Stat | Value | Rank |
K-BB% | 25.6% | 18th |
SIERA | 2.43 | 19th |
FIP | 4.59 | 153rd |
xFIP | 2.87 | 25th |
GB% | 38.5% | 124th |
AVG EV | 89.7 | 109th |
Stuff+ | 112 | 42nd |
Location+ | 94 | 140th |
If we go through the stats that make up ‘And That’s Baseball’s’ RPC formula, Hoffman ranks 18th in K-BB%, 19th in SIERA, 153rd in FIP (yikes), 25th in xFIP, 124th in GB%, 109th in average exit velocity, 140th in Location+, and 42nd in Stuff+. There’s some good and bad in there, but the spikes in Hoffman’s numbers are due to his surge in HR/FB%.
The fact that Hoffman’s ERA is 5.29 and yet his expected ERA is 3.48 is quite telling. As is his 4.59 FIP compared to his 2.87 xFIP. Among all qualified relievers this year, the 1.72 difference between his FIP and xFIP is tied for the second-highest in MLB. Hoffman is also in the upper tier of ERA-xERA, which sits at 1.81, which is good for 19th in MLB among all qualifying pitchers.
Stat | Value | Rank |
FIP – xFIP | 2.87 | 2nd |
ERA – xERA | 2.81 | 18th |
Notably, Hoffman’s teammate Chad Green is also up there as well, ranking seventh on that list with a 1.34 difference between his FIP and xFIP. For both guys, it boils down to home runs surrendered, but it’s not like they’ve all been moonshots off both Hoffman and Green.
There have been a few fluky longballs here and there, and also home runs on very good pitches, so there’s an element of randomness. Evan Benet had a great thread on X earlier this season, which showed just how weird some of these Hoffman home runs were.
Thread of Jeff Hoffman’s home runs allowed
1. Drake Baldwin, wall scraping non-barrel on well placed away splitter pic.twitter.com/6CfX4KM40G
— Evan Benet (@EvanBenet1) May 22, 2025
During Sunday’s game against the White Sox, Hoffman’s location was all over the place. He also didn’t field what could’ve been an inning-ending ground ball. Then, to make matters worse, a two-run ball dropped into left field. Most of his issues were self-inflicted, but it’s not like he got tattooed in that appearance.

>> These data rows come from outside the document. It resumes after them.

(* Let $x\in\mathbb{R}^n$ and consider the linear model $\Phi(x;w)=\Phi(x;(A,b))=Ax+b$ with parameter $w=(A,b)$, $A\in\mathbb{R}^{m\times n}$, $b\in\mathbb{R}^m$, and the divergence $div(u,v)=\|u-v\|_2^2$. Let $K\ge1$, let $P_1,\dots,P_K$ be probability measures on $\mathbb{R}^n$ with finite second moments, $P_k$ supported on $\mathcal{D}_k$, and let $q_1,\dots,q_K\ge0$ with $\sum_kq_k=1$. Let $J(x)$ denote the Jacobian of $w\mapsto Ax+b$ (which depends only on $x$) and set $H_k=\int_{\mathcal{D}_k}J(x)^\top(2I_m)J(x)\,P_k(dx)$. Suppose the datasets are homogeneous, i.e. $H_1=\dots=H_K$. Then for any local parameters $w_k=(A_k,b_k)$, $k=1,\dots,K$, the weighted average $\hat w=\sum_{k=1}^Kq_kw_k$ is a minimizer of $$w\mapsto\sum_{k=1}^K q_k\int_{\mathcal{D}_k}div(\Phi(x;w_k),\Phi(x;w))\,P_k(dx).$$
   Context: Here $w_k$ are the parameters of local models trained on client datasets $\mathcal{D}_k$ with distributions $P_k$, and the minimized objective is the distillation objective whose minimizer is the global model. ''Homogeneous'' means the matrices $H_k$ (the Hessians of the objective's $k$-th term, $\int J^\top \partial_u^2 div\, J\,dP_k$) coincide for all clients. *)

From HB Require Import structures.
From mathcomp Require Import all_boot all_order all_algebra.
From mathcomp Require Import all_classical all_reals all_analysis.
Set Implicit Arguments. Unset Strict Implicit. Unset Printing Implicit Defensive.
Import Order.TTheory GRing.Theory Num.Theory.
Import numFieldNormedType.Exports.
Local Open Scope classical_set_scope.
Local Open Scope ring_scope.

Definition Rn (R : realType) (n : nat) :=
  g_sigma_algebraType (@open 'cV[R]_n).

(* Parameter vector w = (A, b), vectorized as a column of size m*n + m:
   the top block is mxvec A (transposed), the bottom block is b. *)
Definition param (R : realType) (m n : nat) := 'cV[R]_(m * n + m).

Definition wA (R : realType) (m n : nat) (w : param R m n) : 'M[R]_(m, n) :=
  vec_mx (usubmx w)^T.
Definition wb (R : realType) (m n : nat) (w : param R m n) : 'cV[R]_m :=
  dsubmx w.
Definition param_of (R : realType) (m n : nat) (A : 'M[R]_(m, n)) (b : 'cV[R]_m)
  : param R m n := col_mx (mxvec A)^T b.

Definition Phi (R : realType) (m n : nat) (x : 'cV[R]_n) (w : param R m n)
  : 'cV[R]_m := wA w *m x + wb w.

Definition div (R : realType) (m : nat) (u v : 'cV[R]_m) : R :=
  \sum_(i < m) (u i 0 - v i 0) ^+ 2.

(* Jacobian of the (linear) map w |-> Phi(x; w): column k is the image of
   the k-th basis vector of parameter space. *)
Definition Jac (R : realType) (m n : nat) (x : 'cV[R]_n) : 'M[R]_(m, m * n + m) :=
  \matrix_(i < m, k < m * n + m) Phi x (delta_mx k 0 : param R m n) i 0.

Definition Hmat (R : realType) (m n : nat) (P : probability (Rn R n) R)
  (D : set (Rn R n)) : 'M[R]_(m * n + m) :=
  \matrix_(i, j) Rintegral P D
     (fun x : Rn R n => ((Jac m x)^T *m (2%:M : 'M[R]_m) *m Jac m x) i j).

Definition objective (R : realType) (m n K : nat)
  (P : 'I_K -> probability (Rn R n) R) (D : 'I_K -> set (Rn R n))
  (q : 'I_K -> R) (wk : 'I_K -> param R m n) (w : param R m n) : \bar R :=
  (\sum_(k < K) (q k)%:E *
     \int[P k]_(x in D k) (div (Phi (x : 'cV[R]_n) (wk k)) (Phi (x : 'cV[R]_n) w))%:E)%E.

From HB Require Import structures.
From mathcomp Require Import all_boot all_order all_algebra.
From mathcomp Require Import all_classical all_reals all_analysis.
From mathcomp Require Import measurable_realfun lra.
Set Implicit Arguments. Unset Strict Implicit. Unset Printing Implicit Defensive.
Import Order.TTheory GRing.Theory Num.Theory.
Import numFieldNormedType.Exports.
Local Open Scope classical_set_scope.
Local Open Scope ring_scope.

(* For fixed x the model is linear in w with Jacobian J(x), so
   div(Phi(x;w_k), Phi(x;w)) = |J(x)(w_k - w)|^2.  Finite second moments make
   every entry of J(x)^T J(x) integrable, and integrating against P_k gives
   (w_k - w)^T H_k (w_k - w) / 2.  With a common H the objective is therefore
   sum_k q_k Q(w_k - w) / 2 for the quadratic form Q of H, and since the
   deviations w_k - hat w have weighted sum zero,
   sum_k q_k Q(w_k - w) = sum_k q_k Q(w_k - hat w) + Q(hat w - w),
   whose last term is nonnegative because H is a second-moment matrix. *)

Section bilinear_form.
Variables (R : comPzRingType) (N : nat) (H : 'M[R]_N).
Implicit Types a b d : 'cV[R]_N.

Definition bform a b : R := (a^T *m H *m b) 0 0.

Lemma bformE a b : bform a b = \sum_i \sum_j a i 0 * b j 0 * H i j.
Proof.
rewrite /bform mxE exchange_big; apply: eq_bigr => j _.
by rewrite mxE mulr_suml; apply: eq_bigr => i _; rewrite !mxE mulrAC.
Qed.

Lemma bform_delta i j : bform (delta_mx i 0) (delta_mx j 0) = H i j.
Proof.
rewrite bformE (bigD1 i) //= (bigD1 j) //= !mxE !eqxx !mul1r.
rewrite !big1 ?addr0 // => [k ki|k kj].
  by rewrite big1 // => l _; rewrite !mxE (negbTE ki) !mul0r.
by rewrite !mxE (negbTE kj) mulr0 mul0r.
Qed.

Lemma bformDl a d b : bform (a + d) b = bform a b + bform d b.
Proof. by rewrite /bform linearD !mulmxDl mxE. Qed.

Lemma bformDr a b d : bform a (b + d) = bform a b + bform a d.
Proof. by rewrite /bform mulmxDr mxE. Qed.

Lemma bformDD a d :
  bform (a + d) (a + d) = bform a a + bform a d + bform d a + bform d d.
Proof. by rewrite bformDl !bformDr addrA. Qed.

Lemma bform_suml I (r : seq I) (c : I -> R) (a : I -> 'cV[R]_N) b :
  bform (\sum_(i <- r) c i *: a i) b = \sum_(i <- r) c i * bform (a i) b.
Proof.
rewrite /bform raddf_sum !mulmx_suml summxE; apply: eq_bigr => i _.
by rewrite /= linearZ -!scalemxAl mxE.
Qed.

Lemma bform_sumr I (r : seq I) (c : I -> R) a (b : I -> 'cV[R]_N) :
  bform a (\sum_(i <- r) c i *: b i) = \sum_(i <- r) c i * bform a (b i).
Proof.
rewrite /bform mulmx_sumr summxE; apply: eq_bigr => i _.
by rewrite -scalemxAr mxE.
Qed.

Lemma bform0l b : bform 0 b = 0.
Proof. by rewrite /bform trmx0 !mul0mx mxE. Qed.

Lemma bform0r a : bform a 0 = 0.
Proof. by rewrite /bform mulmx0 mxE. Qed.

Lemma bform_bias_variance K (q : 'I_K -> R) (a : 'I_K -> 'cV[R]_N) w :
  \sum_k q k = 1 ->
  \sum_k q k * bform (a k - w) (a k - w) =
  \sum_k q k * bform (a k - \sum_l q l *: a l) (a k - \sum_l q l *: a l) +
  bform (\sum_l q l *: a l - w) (\sum_l q l *: a l - w).
Proof.
move=> q1; set abar := \sum_l q l *: a l; set d := abar - w.
have dev0 : \sum_k q k *: (a k - abar) = 0.
  rewrite (eq_bigr _ (fun k _ => scalerBr _ _ _)) sumrB -scaler_suml q1.
  by rewrite scale1r subrr.
have split_dev k : a k - w = (a k - abar) + d by rewrite addrA subrK.
clearbody d.
under eq_bigr => k _ do rewrite split_dev bformDD !mulrDr.
rewrite !big_split /= -bform_suml -bform_sumr dev0 bform0l bform0r.
by rewrite -mulr_suml q1 mul1r !addr0.
Qed.

End bilinear_form.

Definition sqnorm (R : pzRingType) k (y : 'cV[R]_k) : R := \sum_i y i 0 ^+ 2.

Lemma sqnorm_ge0 (R : realDomainType) k (y : 'cV[R]_k) : 0 <= sqnorm y.
Proof. by apply: sumr_ge0 => i _; exact: sqr_ge0. Qed.

Lemma div_sqnorm (R : realType) k (u v : 'cV[R]_k) : div u v = sqnorm (u - v).
Proof. by apply: eq_bigr => i _; rewrite !mxE. Qed.

Section linear_model.
Variables (R : realType) (m n : nat) (x : 'cV[R]_n).

Lemma Phi_is_linear : linear (@Phi R m n x).
Proof.
move=> c u v; rewrite /Phi /wA /wb !linearP /= mulmxDl -scalemxAl scalerDr.
by rewrite addrACA.
Qed.

HB.instance Definition _ := GRing.isLinear.Build R (param R m n) 'cV[R]_m _
  (@Phi R m n x) Phi_is_linear.

Lemma mul_Jac (w : param R m n) : Jac m x *m w = Phi x w.
Proof.
apply/colP => i; rewrite mxE {2}(matrix_sum_delta w) raddf_sum summxE.
by apply: eq_bigr => k _; rewrite big_ord1 /= linearZ !mxE mulrC.
Qed.

Lemma bform_Jac (a b : param R m n) :
  bform ((Jac m x)^T *m 2%:M *m Jac m x) a b =
  2 * \sum_r Phi x a r 0 * Phi x b r 0.
Proof.
rewrite /bform !mulmxA -trmx_mul -!mulmxA !mul_Jac mul_scalar_mx -scalemxAr.
by rewrite !mxE; congr (_ * _); apply: eq_bigr => r _; rewrite !mxE.
Qed.

End linear_model.

Section Rintegral_bform.
Context d (T : measurableType d) (R : realType).
Variable mu : {measure set T -> \bar R}.
Variables (D : set T) (mD : measurable D).

Lemma integrableZl_EFin (c : R) (f : T -> R) :
  mu.-integrable D (EFin \o f) -> mu.-integrable D (EFin \o (fun x => c * f x)).
Proof. exact: integrableZl. Qed.

Lemma integrable_EFin_sum I (s : seq I) (f : I -> T -> R) :
  (forall i, mu.-integrable D (EFin \o f i)) ->
  mu.-integrable D (EFin \o (fun x => \sum_(i <- s) f i x)).
Proof.
move=> intf; apply: (eq_integrable mD (fun x => \sum_(i <- s) (f i x)%:E)%E).
  by move=> x _ /=; rewrite sumEFin.
by apply: integrable_sum => // i _; exact: intf.
Qed.

Lemma Rintegral_sum I (s : seq I) (f : I -> T -> R) :
  (forall i, mu.-integrable D (EFin \o f i)) ->
  \int[mu]_(x in D) \sum_(i <- s) f i x = \sum_(i <- s) \int[mu]_(x in D) f i x.
Proof.
move=> intf; elim: s => [|i s IHs].
  under eq_Rintegral do rewrite big_nil.
  by rewrite Rintegral_cst // mul0r big_nil.
under eq_Rintegral do rewrite big_cons.
by rewrite RintegralD // ?IHs ?big_cons //; exact: integrable_EFin_sum.
Qed.

Variables (N : nat) (G : T -> 'M[R]_N).
Hypothesis intG : forall i j, mu.-integrable D (EFin \o (fun x => G x i j)).

Lemma Rintegral_bform a b :
  bform (\matrix_(i, j) \int[mu]_(x in D) G x i j) a b =
  \int[mu]_(x in D) bform (G x) a b.
Proof.
under [RHS]eq_Rintegral do rewrite bformE.
rewrite bformE Rintegral_sum; last first.
  by move=> i; apply: integrable_EFin_sum => j; exact: integrableZl_EFin.
apply: eq_bigr => i _.
rewrite Rintegral_sum; last by move=> j; exact: integrableZl_EFin.
by apply: eq_bigr => j _; rewrite RintegralZl // mxE.
Qed.

End Rintegral_bform.

Section linear_growth.
Variables (R : realType) (n : nat).
Local Notation T := (Rn R n).

Definition lin_growth (f : T -> R) := measurable_fun setT f /\
  exists C, forall x : T, f x ^+ 2 <= C * (1 + sqnorm (x : 'cV[R]_n)).

Lemma lin_growth_cst c : lin_growth (fun=> c).
Proof.
split; first exact: measurable_cst.
by exists (c ^+ 2) => x; rewrite ler_peMr ?sqr_ge0 // lerDl sqnorm_ge0.
Qed.

Lemma lin_growth_coord i : lin_growth (fun x : T => (x : 'cV[R]_n) i 0).
Proof.
split.
  apply: (measurability _ (RGenOpens.measurableE R)).
  move=> _ [_ [a [b ->] <-]]; apply: sub_sigma_algebra; rewrite setTI.
  have /continuousP := @coord_continuous R n 1 i 0.
  by apply; exact: interval_open.
exists 1 => x; rewrite mul1r /sqnorm (bigD1 i) //=.
have : 0 <= \sum_(j < n | j != i) (x : 'cV[R]_n) j 0 ^+ 2.
  by apply: sumr_ge0 => j _; exact: sqr_ge0.
lra.
Qed.

Lemma lin_growthZ c f : lin_growth f -> lin_growth (fun x => c * f x).
Proof.
move=> [mf [C hC]]; split; first exact: measurable_funM.
exists (c ^+ 2 * C) => x; rewrite exprMn -[_ * C * _]mulrA.
by apply: ler_wpM2l; [exact: sqr_ge0 | exact: hC].
Qed.

Lemma lin_growthD f g :
  lin_growth f -> lin_growth g -> lin_growth (fun x => f x + g x).
Proof.
move=> [mf [C1 h1]] [mg [C2 h2]]; split; first exact: measurable_funD.
exists (2 * C1 + 2 * C2) => x; have := h1 x; have := h2 x.
have := sqr_ge0 (f x - g x); nra.
Qed.

Lemma lin_growth_sum I (s : seq I) (F : I -> T -> R) :
  (forall i, lin_growth (F i)) -> lin_growth (fun x => \sum_(i <- s) F i x).
Proof.
move=> hF; elim: s => [|i s IHs].
  by under eq_fun do rewrite big_nil; exact: lin_growth_cst.
by under eq_fun do rewrite big_cons; exact: lin_growthD.
Qed.

Lemma lin_growth_Phi m (a : param R m n) r :
  lin_growth (fun x : T => Phi (x : 'cV[R]_n) a r 0).
Proof.
under eq_fun do rewrite /Phi !mxE.
apply: lin_growthD; last exact: lin_growth_cst.
by apply: lin_growth_sum => l; apply: lin_growthZ; exact: lin_growth_coord.
Qed.

Variables (P : {finite_measure set T -> \bar R}) (D : set T).
Hypotheses (mD : measurable D)
  (P_mom2 : P.-integrable setT (fun x => (sqnorm (x : 'cV[R]_n))%:E)).

Lemma integrable_lin_growthM f g : lin_growth f -> lin_growth g ->
  P.-integrable D (EFin \o (fun x => f x * g x)).
Proof.
move=> [mf [C1 h1]] [mg [C2 h2]].
have int_bound : P.-integrable D
    (EFin \o fun x => (C1 + C2) * (1 + sqnorm (x : 'cV[R]_n))).
  apply: integrableZl_EFin => //.
  apply: (@eq_integrable _ _ _ P D mD
    ((EFin \o cst 1%R) \+ (fun x : T => (sqnorm (x : 'cV[R]_n))%:E))%E).
    by move=> x _; rewrite /= EFinD.
  apply: integrableD => //; first exact: finite_measure_integrable_cst.
  exact: integrableS P_mom2.
apply: (le_integrable mD _ _ int_bound).
  by apply/measurable_EFinP; apply: measurable_funS (measurable_funM mf mg).
move=> x _ /=; rewrite !lee_fin; apply: le_trans (ler_norm _).
have := h1 x; have := h2 x.
have := sqr_ge0 (f x + g x); have := sqr_ge0 (f x - g x).
rewrite ler_norml; nra.
Qed.

End linear_growth.

Section second_moment_matrix.
Variables (R : realType) (m n : nat).
Variables (P : probability (Rn R n) R) (D : set (Rn R n)).
Hypotheses (mD : measurable D)
  (P_mom2 : P.-integrable setT (fun x => (sqnorm (x : 'cV[R]_n))%:E)).

Lemma integrable_Phi_dot (a b : param R m n) :
  P.-integrable D (EFin \o fun x =>
    \sum_r Phi (x : 'cV[R]_n) a r 0 * Phi (x : 'cV[R]_n) b r 0).
Proof.
apply: integrable_EFin_sum => // r.
by apply: integrable_lin_growthM => //; exact: lin_growth_Phi.
Qed.

Lemma Hmat_qform (a : param R m n) :
  bform (Hmat m P D) a a = 2 * \int[P]_(x in D) sqnorm (Phi (x : 'cV[R]_n) a).
Proof.
rewrite /Hmat Rintegral_bform //; last first.
  move=> i j; apply: (eq_integrable mD (EFin \o fun x => 2 * \sum_r
    Phi (x : 'cV[R]_n) (delta_mx i 0) r 0 *
    Phi (x : 'cV[R]_n) (delta_mx j 0) r 0)).
    by move=> x _; rewrite /= -bform_Jac bform_delta.
  exact/integrableZl_EFin/integrable_Phi_dot.
under eq_Rintegral do rewrite bform_Jac.
by rewrite RintegralZl //; exact: integrable_Phi_dot.
Qed.

Lemma Hmat_qform_ge0 (a : param R m n) : 0 <= bform (Hmat m P D) a a.
Proof.
by rewrite Hmat_qform mulr_ge0 // Rintegral_ge0 // => x _; exact: sqnorm_ge0.
Qed.

Lemma integral_div_Phi (u v : param R m n) :
  (\int[P]_(x in D) (div (Phi (x : 'cV[R]_n) u) (Phi (x : 'cV[R]_n) v))%:E)%E =
  (bform (Hmat m P D) (u - v) (u - v) / 2)%:E.
Proof.
rewrite Hmat_qform mulrC mulrA mulVf ?pnatr_eq0 // mul1r /Rintegral fineK.
  by apply: eq_integral => x _; rewrite div_sqnorm raddfB.
exact/integrable_fin_num/integrable_Phi_dot.
Qed.

End second_moment_matrix.

Lemma objectiveE (R : realType) (m n K : nat)
    (P : 'I_K -> probability (Rn R n) R) (D : 'I_K -> set (Rn R n))
    (q : 'I_K -> R) (wk : 'I_K -> param R m n) (H : 'M[R]_(m * n + m)) :
  (forall k, measurable (D k)) ->
  (forall k, (P k).-integrable setT (fun x => (sqnorm (x : 'cV[R]_n))%:E)) ->
  (forall k, Hmat m (P k) (D k) = H) ->
  forall v, objective P D q wk v =
    ((\sum_k q k * bform H (wk k - v) (wk k - v)) / 2)%:E.
Proof.
move=> mD mom2 HkE v; rewrite /objective mulr_suml -sumEFin.
by apply: eq_bigr => k _; rewrite integral_div_Phi // HkE -EFinM mulrA.
Qed.

Theorem corollary1 (R : realType) (m n K : nat) (HK : (0 < K)%N)
  (P : 'I_K -> probability (Rn R n) R) (D : 'I_K -> set (Rn R n))
  (q : 'I_K -> R)
  (HD : forall k, measurable (D k))
  (Hsupp : forall k, P k (D k) = 1%E)
  (Hmom2 : forall k, (P k).-integrable setT
             (fun x : Rn R n => (\sum_(i < n) ((x : 'cV[R]_n) i 0) ^+ 2)%:E))
  (Hq0 : forall k, 0 <= q k)
  (Hq1 : \sum_(k < K) q k = 1)
  (Hhom : forall k l, Hmat m (P k) (D k) = Hmat m (P l) (D l))
  (wk : 'I_K -> param R m n) :
  forall w : param R m n,
    (objective P D q wk (\sum_(k < K) q k *: wk k)%R <= objective P D q wk w)%E.
Proof.
move=> w; pose k0 := Ordinal HK.
have HkE k : Hmat m (P k) (D k) = Hmat m (P k0) (D k0) by exact: Hhom.
rewrite !(objectiveE _ _ HD Hmom2 HkE) lee_fin ler_wpM2r ?invr_ge0 //.
rewrite [leRHS](bform_bias_variance _ _ _ Hq1) lerDl.
exact: Hmat_qform_ge0.
Qed.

Behind the scenes, these are probably the exact numbers the Blue Jays are looking at to convince themselves not to remove Hoffman as the team’s closer. Optically, it doesn’t look great to take the role away from the guy you just signed to a three-year deal. Going with the next-hottest reliever doesn’t guarantee the next guy up will thrive in that role, either.
For the time being, the team will afford Hoffman some grace to work this stuff out. He’s not the only Blue Jays reliever to struggle as of late. Walks are rearing their ugly head with Brendan Little, making him a risky choice in high-leverage situations suddenly.
The solution is simple on paper but difficult in practice: keep the ball in the yard. Throughout a full season, this will all balance itself out. Along with the cheapie, wall-scraper home runs, there will be fly balls which die on the warning track. There just haven’t been many of the latter for Hoffman as of late.
Opponents could barely touch Hoffman’s four-seam fastball during his electric month of April, but the league has since caught on, and that pitch is no longer as effective as it once was. Month-to-month, opponents slugged .167 on Hoffman’s four-seamer in April, .800 in May and now .900 in June.
He’s simply not generating the swing and miss he did earlier in the year. Hoffman also did a better job at dotting the corners and painting the edges with his fastball the first month of the season, and he’s leaving more fastballs over the heart of the plate, which opponents will gladly do damage on.
This is a long-winded way to say that I’m not concerned about Jeff Hoffman and I don’t think the Blue Jays should be, either. There doesn’t have to be any buyer’s remorse over signing Hoffman instead of just hanging onto Romano. Relief pitchers go through rough patches, but it takes a really long time for their numbers to normalize after a meltdown or two.
Hoffman should stay as the closer, and as John Schneider said, they should trust the sh*t out of him. After all, they have 33 million reasons to.